EXERCISE BRIEF:
In the data below, one line contains "0 < delta ->" and a later one contains "have dU : delta". Print both, with every line between them, exactly and alone.

EXTRACTED ENTRIES:
(* In the Setting, under (SA1)–(SA3), let $\mathcal I\in\wp_k[n]$, distinct $i,j\in\mathcal I$ and distinct $\alpha,\beta\in\mathcal I^{\mathtt C}$ be such that $Y(\mathcal I)^{ij}_{\alpha\beta}$ is a radical term. Then $0\notin\chi(\mathcal I\mid^{ij}_{\alpha\gamma})$ for every $\gamma\in\mathcal I^{\mathtt C}$ with $\gamma\ne\alpha$.
   Context: Setting. $d\ge1$, $1\le k\le n$; $\mathbf t=(t_1,\dots,t_d)$ indeterminates; $\Lambda:=\mathbb C[t_1^{\pm1},\dots,t_d^{\pm1}]$ (a UFD whose units are exactly the elements $c\,\mathbf t^{\mathbf e}:=c\prod_u t_u^{e_u}$, $c\in\mathbb C\setminus\{0\}$, $\mathbf e\in\mathbb Z^d$), $\mathbb F$ its fraction field, $\overline{\mathbb F}$ an algebraic closure. $[n]=\{1,\dots,n\}$, $\wp_k[n]$ the $k$-subsets of $[n]$. For $\mathcal I\in\wp_k[n]$: $\mathcal I^{\mathtt C}=[n]\setminus\mathcal I$; $\mathcal I^i_\alpha=(\mathcal I\setminus\{i\})\cup\{\alpha\}$ ($i\in\mathcal I,\alpha\notin\mathcal I$); $\mathcal I^{ij}_{\alpha\beta}=(\mathcal I\setminus\{i,j\})\cup\{\alpha,\beta\}$. $\mathbf L$ ($k\times n$) and $\mathbf R$ ($n\times k$) have entries in $\overline{\mathbb F}$; $\Delta_{\mathbf L}(\mathcal I)$, $\Delta_{\mathbf R}(\mathcal I)$ are the maximal minors on columns, resp. rows, $\mathcal I$; $h(\mathcal I):=\Delta_{\mathbf L}(\mathcal I)\Delta_{\mathbf R}(\mathcal I)$; $\mathfrak G:=\{\mathcal I:\Delta_{\mathbf L}(\mathcal I)\ne0\}$. (SA1) all $\Delta_{\mathbf R}(\mathcal I)\ne0$; (SA2) $h(\mathcal I)$ is a unit of $\Lambda$ for every $\mathcal I\in\mathfrak G$; (SA3) $\mathbf L$ has no zero column. $Y(\mathcal I)^{ij}_{\alpha\beta}:=-\mathrm{sign}[(i-\alpha)(i-\beta)(j-\alpha)(j-\beta)]\frac{\Delta_{\mathbf R}(\mathcal I^i_\alpha)\Delta_{\mathbf R}(\mathcal I^j_\beta)}{\Delta_{\mathbf R}(\mathcal I^i_\beta)\Delta_{\mathbf R}(\mathcal I^j_\alpha)}$. The multiset $\chi(\mathcal I\mid^{ij}_{\alpha\beta}):=\{h(\mathcal I)h(\mathcal I^{ij}_{\alpha\beta}),\,h(\mathcal I^i_\alpha)h(\mathcal I^j_\beta),\,h(\mathcal I^i_\beta)h(\mathcal I^j_\alpha)\}$. $Y(\mathcal I)^{ij}_{\alpha\beta}$ is radical if $0\notin\chi(\mathcal I\mid^{ij}_{\alpha\beta})$ and $Y(\mathcal I)^{ij}_{\alpha\beta}\notin\mathbb F$. *)

From HB Require Import structures.
From mathcomp Require Import all_boot all_order all_algebra.
From mathcomp Require Import mpoly.
From mathcomp Require Import complex.
From mathcomp Require Import reals.
Set Implicit Arguments. Unset Strict Implicit. Unset Printing Implicit Defensive.
Import Order.TTheory GRing.Theory Num.Theory.
Local Open Scope ring_scope.
(* P = (x, 1 - x) and Q = (x - delta, 1 - x + delta) on two points. *)
Lemma exists_two_point_pair (R : realType) (delta x : R) :
  0 <= delta -> delta < x -> x <= 1 ->
  exists (d : measure_display) (T : measurableType d) (P Q : probability T R),
    [/\ P `<< Q, tv_norm P Q = (2 * delta)%:E &
        forall l, (0 < l) -> Fbar P Q l =
          ((if l * (x - delta) < x then x else 0) +
           (if l * (1 - x + delta) < 1 - x then 1 - x else 0))%:E].
Proof.
move=> d0 dx x1.
have x0 : 0 <= x by lra.
have x1' : 0 <= 1 - x by rewrite subr_ge0.
have xd0 : 0 <= x - delta by rewrite subr_ge0 ltW.
have xd1 : 0 <= 1 - x + delta by rewrite addr_ge0.
have xd_neq0 : x - delta != 0 by rewrite subr_eq0 gt_eqF.
have [|||||d [T [P [Q [PQ tv Fb]]]]] := @exists_finite_pair R 2
  (fun k => [:: x; 1 - x]`_k) (fun k => [:: x - delta; 1 - x + delta]`_k).
- by case=> [|[|k]] //=; rewrite nth_nil.
- by case=> [|[|k]] //=; rewrite nth_nil.
- by rewrite !big_ord_recl big_ord0 /= addr0 subrKC.
- by rewrite !big_ord_recl big_ord0 /=; lra.
- case=> [/eqP|[|k]] //=; first by rewrite (negbTE xd_neq0).
  by move/eqP; rewrite paddr_eq0 // => /andP[/eqP ->].
exists d, T, P, Q; split => // [|l l0].
  rewrite tv !big_ord_recl big_ord0 /= addr0.
  have -> : x - (x - delta) = delta by ring.
  have -> : 1 - x - (1 - x + delta) = - delta by ring.
  by rewrite normrN ger0_norm //; congr _%:E; lra.
by rewrite Fb // big_mkcond !big_ord_recl big_ord0 /= addr0.
Qed.

Section two_point_bounds.
Variables (R : realType) (delta x l : R).
Hypotheses (delta_ge0 : 0 <= delta) (delta_lt_x : delta < x) (x_le1 : x <= 1).
Hypothesis l_gt0 : 0 < l.

Lemma exists_two_point_Fbar_ge : l * (x - delta) < x ->
  exists (d : measure_display) (T : measurableType d) (P Q : probability T R),
    [/\ P `<< Q, tv_norm P Q = (2 * delta)%:E & (x%:E <= Fbar P Q l)%E].
Proof.
move=> hit; have [d [T [P [Q [PQ tv Fb]]]]] := exists_two_point_pair delta_ge0 delta_lt_x x_le1.
exists d, T, P, Q; split => //; rewrite Fb // hit lee_fin lerDl.
by case: ifP => // _; rewrite subr_ge0.
Qed.

Lemma exists_two_point_Fbar_le : 1 - x <= l * (1 - x + delta) ->
  exists (d : measure_display) (T : measurableType d) (P Q : probability T R),
    [/\ P `<< Q, tv_norm P Q = (2 * delta)%:E & (Fbar P Q l <= x%:E)%E].
Proof.
move=> miss; have [d [T [P [Q [PQ tv Fb]]]]] := exists_two_point_pair delta_ge0 delta_lt_x x_le1.
have miss' : (l * (1 - x + delta) < 1 - x) = false by rewrite ltNge miss.
exists d, T, P, Q; split => //; rewrite Fb // miss' addr0 lee_fin.
by case: ifP => // _; rewrite (le_trans delta_ge0) // ltW.
Qed.

End two_point_bounds.

Lemma Fbar_upper_tight_large (R : realType) (delta l eps : R) :
  0 < delta -> 0 < l -> 1 <= l * (1 - delta) -> 0 < eps ->
  exists (d : measure_display) (T : measurableType d) (P Q : probability T R),
    [/\ P `<< Q, tv_norm P Q = (2 * delta)%:E &
        ((l * delta / (l - 1) - eps)%:E < Fbar P Q l)%E].
Proof.
move=> d_gt0 l0 l_ge e0; have l_gt1 : 1 < l by have := mulr_gt0 l0 d_gt0; lra.
set U : R := l * delta / (l - 1).
have dU : delta < U by rewrite /U ltr_pdivlMr ?subr_gt0 //; lra.
have U1 : U <= 1 by rewrite /U ler_pdivrMr ?subr_gt0 //; lra.
have lt_U y : y < U -> l * (y - delta) < y.
  by rewrite /U ltr_pdivlMr ?subr_gt0 //; lra.
clearbody U.
have h1 : U - eps / 2 < U by lra.
have h2 : (U + delta) / 2 < U by lra.
set x : R := Num.max (U - eps / 2) ((U + delta) / 2).
have x_ge : U - eps / 2 <= x by rewrite le_max lexx.
have x_ge' : (U + delta) / 2 <= x by rewrite le_max lexx orbT.
have x_lt : x < U by rewrite gt_max h1 h2.
clearbody x.
have [|||d [T [P [Q [PQ tv Fb]]]]] := @exists_two_point_Fbar_ge R delta x l (ltW d_gt0) _ _ l0.
- by lra.
- by lra.
- exact: lt_U.
by exists d, T, P, Q; split => //; apply: lt_le_trans Fb; rewrite lte_fin; lra.
Qed.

PROBLEM SOLUTION:
  0 < delta -> 0 < l -> 1 <= l * (1 - delta) -> 0 < eps ->
  exists (d : measure_display) (T : measurableType d) (P Q : probability T R),
    [/\ P `<< Q, tv_norm P Q = (2 * delta)%:E &
        ((l * delta / (l - 1) - eps)%:E < Fbar P Q l)%E].
Proof.
move=> d_gt0 l0 l_ge e0; have l_gt1 : 1 < l by have := mulr_gt0 l0 d_gt0; lra.
set U : R := l * delta / (l - 1).
have dU : delta < U by rewrite /U ltr_pdivlMr ?subr_gt0 //; lra.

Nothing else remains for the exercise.